■ **THE TASK**: Copy every line of the data that includes the string "both".

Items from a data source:
Lemma compact_translates_cover K U : compact K -> open U -> U one ->
  exists2 s : seq G, (forall x, x \in s -> K x) & K `<=` mulset [set` s] U.
Proof.
move=> cK oU U1.
have [s sK Ks] : exists2 s : seq G, (forall x, x \in s -> K x) &
    K `<=` \bigcup_(x in [set` s]) [set y | U (mul (inv x) y)].
  apply: compact_seq_cover cK _ => x _; split; last by rewrite /= (gmulVg grp).
  by apply: open_comp oU => y _; apply: continuous_mull.
exists s => // y /Ks[x xs Uxy]; exists x => //.
by exists (mul (inv x) y); rewrite // (gmulKVg grp).
Qed.

Lemma stabilizer_closed (X : Type) (phi : G -> X) :
  (forall x, \forall y \near x, phi y = phi x) -> closed (stabilizer mul inv phi).
Proof.
move=> phi_loc.
have -> : stabilizer mul inv phi =
    \bigcap_(x in [set: G]) ((mul^~ x) \o inv) @^-1` (phi @^-1` [set phi x]).
  by apply/seteqP; split=> h Sh x => [_|]; apply: Sh.
apply: closed_bigI => x _; apply: preimage_closed.
  by move=> h _; apply: continuous_comp; [apply: continuous_ginv | apply: continuous_mulr].
exact: (locally_constant_clopen_preimage _ phi_loc).2.
Qed.

Lemma compact_open_tube V : compact V -> open V ->
  exists2 W, nbhs one W & forall w v, W w -> V v -> V (mul w v).
Proof.
move=> cV oV; have /compact_near_coveringP V_cover := cV.
have V_near x : V x -> \forall x' \near x & w \near nbhs one, V (mul w x').
  move=> Vx; have : nbhs (one, x) [set wv : G * G | V (mul wv.1 wv.2)].
    by apply: continuous_mul; rewrite /= (gmul1g grp); apply: open_nbhs_nbhs.
  case=> -[W1 W2] /= [W1_1 W2_x] W12; exists (W2, W1) => //= -[x' w] [/= ? ?].
  exact: (W12 (w, x')).
have := V_cover G (nbhs one) (fun w x' => V (mul w x')) _ V_near.
move=> W_near; exists [set w | forall v, V v -> V (mul w v)] => [|w v].
  exact: W_near.
by apply.
Qed.
(* Let $E$ be a finite set and let $\underline{I}=(I_\omega)_{\omega\in E}$ be a family of non-empty finite sets. Let $\mathrm{CC}(\underline{I})$ denote the set of causally complete spaces of input histories $\Theta$ with $E^\Theta=E$ and $I^\Theta_\omega=I_\omega$ for all $\omega\in E$, partially ordered by $\Theta'\le\Theta$ iff $\mathrm{Ext}(\Theta')\supseteq\mathrm{Ext}(\Theta)$. Then the maximal elements of $\mathrm{CC}(\underline{I})$ are exactly the causal switch spaces $\mathrm{CSwitch}(\underline{I})$.
   Context: A partial function on a family $(Y_x)_{x\in X}$ is a function $f$ with domain $\mathrm{dom}(f)\subseteq X$ and $f(x)\in Y_x$ for $x\in\mathrm{dom}(f)$; partial functions are ordered by restriction: $f\le g$ iff $\mathrm{dom}(f)\subseteq\mathrm{dom}(g)$ and $g|_{\mathrm{dom}(f)}=f$. Two partial functions are compatible if they agree on the intersection of their domains; a set $\mathcal F$ of partial functions is compatible if pairwise compatible, and then its join $\bigvee\mathcal F$ is the partial function with domain $\bigcup_{f\in\mathcal F}\mathrm{dom}(f)$ extending every $f\in\mathcal F$. A set $\Theta$ of partial functions is $\vee$-prime if for every compatible $\mathcal F\subseteq\Theta$ with $\bigvee\mathcal F\in\Theta$ we have $\bigvee\mathcal F\in\mathcal F$. A space of input histories is a finite $\vee$-prime set $\Theta$ of partial functions; its event set is $E^\Theta=\bigcup_{h\in\Theta}\mathrm{dom}(h)$ and its input sets are $I^\Theta_\omega=\{h(\omega):h\in\Theta,\ \omega\in\mathrm{dom}(h)\}$. Its extended input histories are $\mathrm{Ext}(\Theta)=\{\bigvee\mathcal F:\ \emptyset\neq\mathcal F\subseteq\Theta \text{ compatible}\}$, ordered by restriction. $\Theta$ satisfies the free-choice condition if the maximal elements of $\mathrm{Ext}(\Theta)$ are exactly the total functions in $\prod_{\omega\in E^\Theta}I^\Theta_\omega$. For $h\in\mathrm{Ext}(\Theta)$, $\mathrm{tips}_\Theta(h)=\mathrm{dom}(h)\setminus\bigcup\{\mathrm{dom}(k):k\in\mathrm{Ext}(\Theta),\ k<h\}$. $\Theta$ is causally complete if it satisfies the free-choice condition and $|\mathrm{tips}_\Theta(h)|=1$ for all $h\in\Theta$. Conditional sequential composition: given a space $\Theta$ and a family $(\Theta'_k)_{k\in\max\mathrm{Ext}(\Theta)}$ of spaces with $E^\Theta\cap E^{\Theta'_k}=\emptyset$, define $\Theta\rightsquigarrow(\Theta'_k)_k=\Theta\cup\{k\vee h':k\in\max\mathrm{Ext}(\Theta),\ h'\in\Theta'_k\}$. Causal switch spaces are defined by induction on $|E|$: if $E=\emptyset$, the only switch space is the empty space; otherwise $\mathrm{CSwitch}(\underline{I})$ is the set of all spaces $\Theta_{\omega_1}\rightsquigarrow(\Theta'_{i})_{i\in I_{\omega_1}}$ where $\omega_1\in E$, $\Theta_{\omega_1}=\{\{\omega_1\mapsto i\}:i\in I_{\omega_1}\}$ (whose maximal extended histories $\{\omega_1\mapsto i\}$ are identified with $i\in I_{\omega_1}$), and each $\Theta'_i\in\mathrm{CSwitch}((I_\omega)_{\omega\in E\setminus\{\omega_1\}})$. *)

From mathcomp Require Import all_boot.
Set Implicit Arguments.
Unset Strict Implicit.
Unset Printing Implicit Defensive.

Section Histories.
Variables (E T : finType).

(* A partial function on the family (T)_{x in E}: None = undefined. *)
Definition pfun := {ffun E -> option T}.

Definition dom (f : pfun) : {set E} := [set x | f x != None].

Definition ple (f g : pfun) : bool :=
  [forall x, (f x != None) ==> (g x == f x)].
Definition plt (f g : pfun) : bool := ple f g && (f != g).

Definition pcompat (f g : pfun) : bool :=
  [forall x, ((f x != None) && (g x != None)) ==> (f x == g x)].

Definition compatible (F : {set pfun}) : bool :=
  [forall f in F, forall g in F, pcompat f g].

Definition is_join (F : {set pfun}) (h : pfun) : bool :=
  [forall x, (h x != None) == [exists f in F, f x != None]] &&
  [forall f in F, ple f h].

Definition vee_prime (Th : {set pfun}) : Prop :=
  forall (F : {set pfun}) (h : pfun),
    F \subset Th -> compatible F -> is_join F h -> h \in Th -> h \in F.

(* A space of input histories (finiteness is automatic). *)
Definition space (Th : {set pfun}) : Prop := vee_prime Th.

Definition events (Th : {set pfun}) : {set E} :=
  [set x | [exists h in Th, h x != None]].

Definition inputs (Th : {set pfun}) (x : E) : {set T} :=
  [set v | [exists h in Th, h x == Some v]].

Definition Ext (Th : {set pfun}) : {set pfun} :=
  [set h | [exists F : {set pfun},
             [&& F \subset Th, F != set0, compatible F & is_join F h]]].

Definition maxExt (Th : {set pfun}) : {set pfun} :=
  [set h in Ext Th | [forall k in Ext Th, ple h k ==> (k == h)]].
(* A dense part [C] contracted to [w], with [#|C|] of its edges [D] deleted:
   lifting adds [#|C| - 1] or [#|C|] vertices and at least [#|C|] or
   [#|C| + 1] edges, according as [S'] contains [w] or not. *)
Lemma lift_contracted (F D : {set E}) (S' : {set V}) (k : nat) :
  D \subset F :&: spanned ends C -> #|D| = #|C| -> #|C| < #|F :&: spanned ends C| ->
  #|S'| + k <= #|(F :\: D) :&: spanned contract_ends S'| ->
  #|S' :\ w :|: C| + k.+1 <= #|F :&: spanned ends (S' :\ w :|: C)|.
Proof.
move=> sD cardD denseC denseS'.
set S := S' :\ w :|: C; set A := (F :\: D) :&: spanned contract_ends S'.
rewrite -/A in denseS'.
have sCS : F :&: spanned ends C \subset F :&: spanned ends S by rewrite setIS ?spannedS ?subsetUr.
have add_disjoint (X : {set E}) :
    A :&: X = set0 -> X \subset F :&: spanned ends S -> #|A| + #|X| <= #|F :&: spanned ends S|.
  move=> disjAX sXS; rewrite -cardsUI disjAX cards0 addn0 subset_leq_card // subUset sXS andbT.
  by rewrite setISS ?subsetDl ?spanned_uncontract.
have := (leq_card_setU (S' :\ w) C).1; rewrite -/S => cardS.
have [wS'|wS'] := boolP (w \in S').
  have disjAD : A :&: D = set0.
    by apply/setP => e; rewrite !inE; case: (e \in D); rewrite ?andbF.
  have := add_disjoint D disjAD (subset_trans sD sCS).
  by have := cardsD1 w S'; rewrite wS' /=; lia.
have disjAC : A :&: (F :&: spanned ends C) = set0.
  apply/setP => e; rewrite !inE; apply/negbTE/and4P => -[/and3P [_ c1 _] _ e1C _].
  by move: c1; rewrite /= /contract e1C (negbTE wS').
have := add_disjoint _ disjAC sCS; have := subset_leq_card (subD1set S' w); lia.
Qed.

End Contraction.

Arguments contract_spanned {V E ends C w W F}.
Arguments card_contract {V C w} wC {W}.
Arguments uncontract_subset {V C w W S'}.
Arguments lift_contracted {V E ends C w} wC {F D S' k}.
Section NumFacts.
Variable R : numDomainType.

Lemma prod_lt_pow (I : finType) (A : {set I}) (f : I -> R) r l :
  (forall m, m \in A -> 0 <= f m <= r) -> l \in A -> f l < r ->
  \prod_(m in A) f m < r ^+ #|A|.
Proof.
move=> hf lA hl; have [fl0 _] := andP (hf l lA).
have r0 : 0 < r by apply: le_lt_trans hl.
rewrite (bigD1 l) //= (cardsD1 l A) lA add1n exprS.
rewrite (eq_bigl (fun m => m \in A :\ l)); last by move=> m; rewrite !inE andbC.
have hrest : \prod_(m in A :\ l) f m <= r ^+ #|A :\ l|.
  by rewrite -prodr_const; apply: ler_prod => m; rewrite inE => /andP [_ /hf].
apply: le_lt_trans (ler_wpM2l fl0 hrest) _.
by rewrite ltr_pM2r // exprn_gt0.
Qed.

Lemma exists_argmax_real (I : finType) (f : I -> R) (i0 : I) :
  (forall i, f i \is Num.real) -> exists i, forall j, f j <= f i.
Proof.
move=> hreal; suff [i hi] : exists i, forall j, j \in enum I -> f j <= f i.
  by exists i => j; apply: hi; rewrite mem_enum.
elim: (enum I) => [|a s [i hi]]; first by exists i0.
case/orP: (real_leVge (hreal a) (hreal i)) => h.
  by exists i => j; rewrite inE => /orP [/eqP -> //|]; apply: hi.
by exists a => j; rewrite inE => /orP [/eqP -> //|/hi hj]; apply: le_trans hj h.
Qed.

Lemma one_neq_opp1 : (1 : R) != -1.
Proof. by rewrite -subr_eq0 opprK -mulr2n pnatr_eq0. Qed.

Lemma real_norm1 (x : R) : x \is Num.real -> `|x| = 1 -> x = 1 \/ x = -1.
Proof.
move=> hx hn; rewrite (realEsign hx) hn mulr1.
by case: (x < 0); [right; rewrite expr1 | left; rewrite expr0].
Qed.

Lemma sign_pow_pred (k : nat) (x : R) : ~~ odd k -> (0 < k)%N -> x * x = 1 ->
  x ^+ k.-1 = x.
Proof.
move=> hk k0 hx; have hxk : x ^+ k = 1.
  rewrite -(odd_double_half k) (negbTE hk) add0n -muln2 mulnC exprM expr2 hx.
  exact: expr1n.
by rewrite -[LHS]mulr1 -hx mulrA -exprSr prednK // hxk mul1r.
Qed.

End NumFacts.

Section Laplacian.
Variables (C : numClosedFieldType) (n k : nat) (E : {set {set 'I_n}}).
Hypothesis hk2 : (2 <= k)%N.
Hypothesis hEk : forall e, e \in E -> #|e| = k.
Implicit Types (x y : 'rV[C]_n).

Definition lap_null y : Prop := forall i, lap_apply k E y i = 0.

Lemma eigvec0_null y : lap_eigvec k E 0 y -> lap_null y.
Proof. by case=> _ hy i; rewrite hy mul0r. Qed.

(* Triangle inequality applied to the equation at vertex j. *)
Lemma lap_null_norm y j : lap_apply k E y j = 0 ->
  (deg E j)%:R * `|y ord0 j| ^+ k.-1 <=
  \sum_(e in edges_at E j) \prod_(m in e :\ j) `|y ord0 m|.
Proof.
move/eqP; rewrite subr_eq0 => /eqP /(congr1 Num.norm); rewrite normrM normr_nat normrX => ->.
apply: le_trans (ler_norm_sum _ _ _) _.
by apply: ler_sum => e _; rewrite normr_prod.
Qed.

Lemma max_modulus_adj y r : lap_null y -> (forall i, `|y ord0 i| <= r) ->
  forall j l, `|y ord0 j| = r -> adj E j l -> `|y ord0 l| = r.
Proof.
move=> hy hr j l hj /existsP [e /and3P [he hje hle]].
have [|hlt] := eqVneq `|y ord0 l| r => //; have {}hlt : `|y ord0 l| < r.
  by rewrite lt_neqAle hlt hr.
have hlj : l != j by apply: contraTneq hlt => ->; rewrite hj ltxx.
have hfac m : 0 <= `|y ord0 m| <= r by rewrite normr_ge0 hr.
have hbound e' : e' \in edges_at E j -> \prod_(m in e' :\ j) `|y ord0 m| <= r ^+ k.-1.
  rewrite inE => /andP [he' hje']; rewrite -(card_edge_del hEk he' hje') -prodr_const.
  by apply: ler_prod => m _; apply: hfac.
have hstrict : \prod_(m in e :\ j) `|y ord0 m| < r ^+ k.-1.
  rewrite -(card_edge_del hEk he hje); apply: prod_lt_pow hlt => [m _|]; first exact: hfac.
  by rewrite !inE hlj hle.
have hej : e \in edges_at E j by rewrite inE he hje.
have hdeg : (deg E j)%:R * r ^+ k.-1 = \sum_(e' in edges_at E j) r ^+ k.-1.
  by rewrite sumr_const mulr_natl.
have := lap_null_norm (hy j); rewrite hj hdeg (bigD1 e) //= [X in _ <= X](bigD1 e) //=.
have hrest : \sum_(e' in edges_at E j | e' != e) \prod_(m in e' :\ j) `|y ord0 m| <=
             \sum_(e' in edges_at E j | e' != e) r ^+ k.-1.
  by apply: ler_sum => e' /andP [he' _]; apply: hbound.
by move=> /(lt_le_trans (ltr_leD hstrict hrest)); rewrite ltxx.
Qed.
(* For all integers $m\ge n\ge 2$, $\gamma^{DLD}(K_n\times K_m)=\gamma^{DLD}(K_n\square K_m)$.
   Context: $K_q$ is the complete graph on vertex set $\{1,\dots,q\}$. The Cartesian product $G_1\square G_2$ has vertex set $V_1\times V_2$, with $(u_1,u_2)$ adjacent to $(v_1,v_2)$ iff ($u_1=v_1$ and $u_2v_2\in E_2$) or ($u_2=v_2$ and $u_1v_1\in E_1$). The direct product $G_1\times G_2$ has vertex set $V_1\times V_2$, with $(u_1,u_2)$ adjacent to $(v_1,v_2)$ iff $u_1v_1\in E_1$ and $u_2v_2\in E_2$. For a code (nonempty vertex subset) $C$ and vertex $v$, $I(C;v)=N[v]\cap C$, where $N[v]$ is the closed neighbourhood. A code $C$ is solid-locating-dominating if for all distinct non-codewords $u,v$, $I(C;u)\setminus I(C;v)\ne\emptyset$. $\gamma^{DLD}(G)$ is the minimum size of a solid-locating-dominating code in the finite graph $G$. *)

From mathcomp Require Import all_boot.
Set Implicit Arguments. Unset Strict Implicit. Unset Printing Implicit Defensive.

(* A finite simple graph: vertex finType V with adjacency relation adj
   (symmetric and irreflexive for the graphs used here). *)

Definition closed_nbhd (V : finType) (adj : rel V) (v : V) : {set V} :=
  [set u | (u == v) || adj v u].

Definition Iset (V : finType) (adj : rel V) (C : {set V}) (v : V) : {set V} :=
  closed_nbhd adj v :&: C.

Definition solid_locating_dominating (V : finType) (adj : rel V) (C : {set V}) : bool :=
  (C != set0) &&
  [forall u, forall v,
     ((u \notin C) && (v \notin C) && (u != v)) ==>
       (Iset adj C u :\: Iset adj C v != set0)].

(* gamma^DLD(G): minimum size of a solid-locating-dominating code
   (#|V| is an upper bound, attained by C = V when V is nonempty). *)
Definition gammaDLD (V : finType) (adj : rel V) : nat :=
  \big[minn/#|V|]_(C : {set V} | solid_locating_dominating adj C) #|C|.

(* Complete graph K_q on 'I_q (representing {1,...,q}). *)
Definition Kadj (q : nat) : rel 'I_q := fun i j => i != j.

Definition cart_adj (V1 V2 : finType) (e1 : rel V1) (e2 : rel V2) : rel (V1 * V2) :=
  fun x y => ((x.1 == y.1) && e2 x.2 y.2) || ((x.2 == y.2) && e1 x.1 y.1).

Definition direct_adj (V1 V2 : finType) (e1 : rel V1) (e2 : rel V2) : rel (V1 * V2) :=
  fun x y => e1 x.1 y.1 && e2 x.2 y.2.

From mathcomp Require Import all_boot.

(* For a non-codeword u every codeword differs from u, so if two graphs on the
   same vertices are complements of each other, I(C;u) in one is the
   complement in C of I(C;u) in the other.  Complementing within C turns
   I(C;u) \ I(C;v) into I(C;v) \ I(C;u), and the solid-locating condition
   ranges over both orders of each pair, so the two graphs have the same
   solid-locating-dominating codes.  The direct product K_n x K_m is the
   complement of the rook graph K_n □ K_m: distinct vertices are adjacent in
   the former iff they differ in both coordinates, in the latter iff they
   agree in exactly one. *)

Lemma sld_Iset_diff_swap (V : finType) (g h : rel V) (C : {set V}) :
    (forall u v, u \notin C -> v \notin C ->
       Iset g C u :\: Iset g C v = Iset h C v :\: Iset h C u) ->
  solid_locating_dominating h C -> solid_locating_dominating g C.
Proof.
move=> gh /andP[C0 /forallP hC]; rewrite /solid_locating_dominating C0 /=.
apply/forallP => u; apply/forallP => v; apply/implyP => /andP[/andP[uC vC] uv].
rewrite gh //; move/forallP/(_ u)/implyP: (hC v); apply.
by rewrite vC uC eq_sym.
Qed.

Section ComplementGraphs.

Variables (V : finType) (e f : rel V).
Hypothesis f_compl : forall x y, x != y -> f x y = ~~ e x y.

Lemma Iset_compl (C : {set V}) u : u \notin C -> Iset f C u = C :\: Iset e C u.
Proof.
move=> uC; apply/setP => x; rewrite !inE.
case xC: (x \in C); rewrite ?andbF //= !andbT.
have ux : u != x by apply: contraNneq uC => ->.
by rewrite eq_sym (negPf ux) /= f_compl.
Qed.

Lemma Iset_diff_compl (C : {set V}) u v : u \notin C -> v \notin C ->
  Iset f C u :\: Iset f C v = Iset e C v :\: Iset e C u.
Proof.
move=> uC vC; rewrite !Iset_compl //; apply/setP => x; rewrite !inE.
by case: (x \in C); rewrite ?andbF //= !andbT negbK andbC.
Qed.

Lemma sld_compl (C : {set V}) :
  solid_locating_dominating f C = solid_locating_dominating e C.
Proof.
by apply/idP/idP; apply: sld_Iset_diff_swap => u v uC vC; rewrite Iset_diff_compl.
Qed.

Lemma gammaDLD_compl : gammaDLD f = gammaDLD e.
Proof. by apply: eq_bigl => C; rewrite sld_compl. Qed.

End ComplementGraphs.

Lemma direct_adj_complete_compl n m (x y : 'I_n * 'I_m) : x != y ->
  direct_adj (@Kadj n) (@Kadj m) x y = ~~ cart_adj (@Kadj n) (@Kadj m) x y.
Proof.
case: x y => [x1 x2] [y1 y2]; rewrite /direct_adj /cart_adj /Kadj /= xpair_eqE.
by case: (x1 == y1); case: (x2 == y2).
Qed.

Theorem theorem17 (n m : nat) (h2n : 2 <= n) (hnm : n <= m) :
  gammaDLD (direct_adj (@Kadj n) (@Kadj m)) = gammaDLD (cart_adj (@Kadj n) (@Kadj m)).
Proof. exact/gammaDLD_compl/direct_adj_complete_compl. Qed.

■ **YOUR RESPONSE**:
   ranges over both orders of each pair, so the two graphs have the same
   the former iff they differ in both coordinates, in the latter iff they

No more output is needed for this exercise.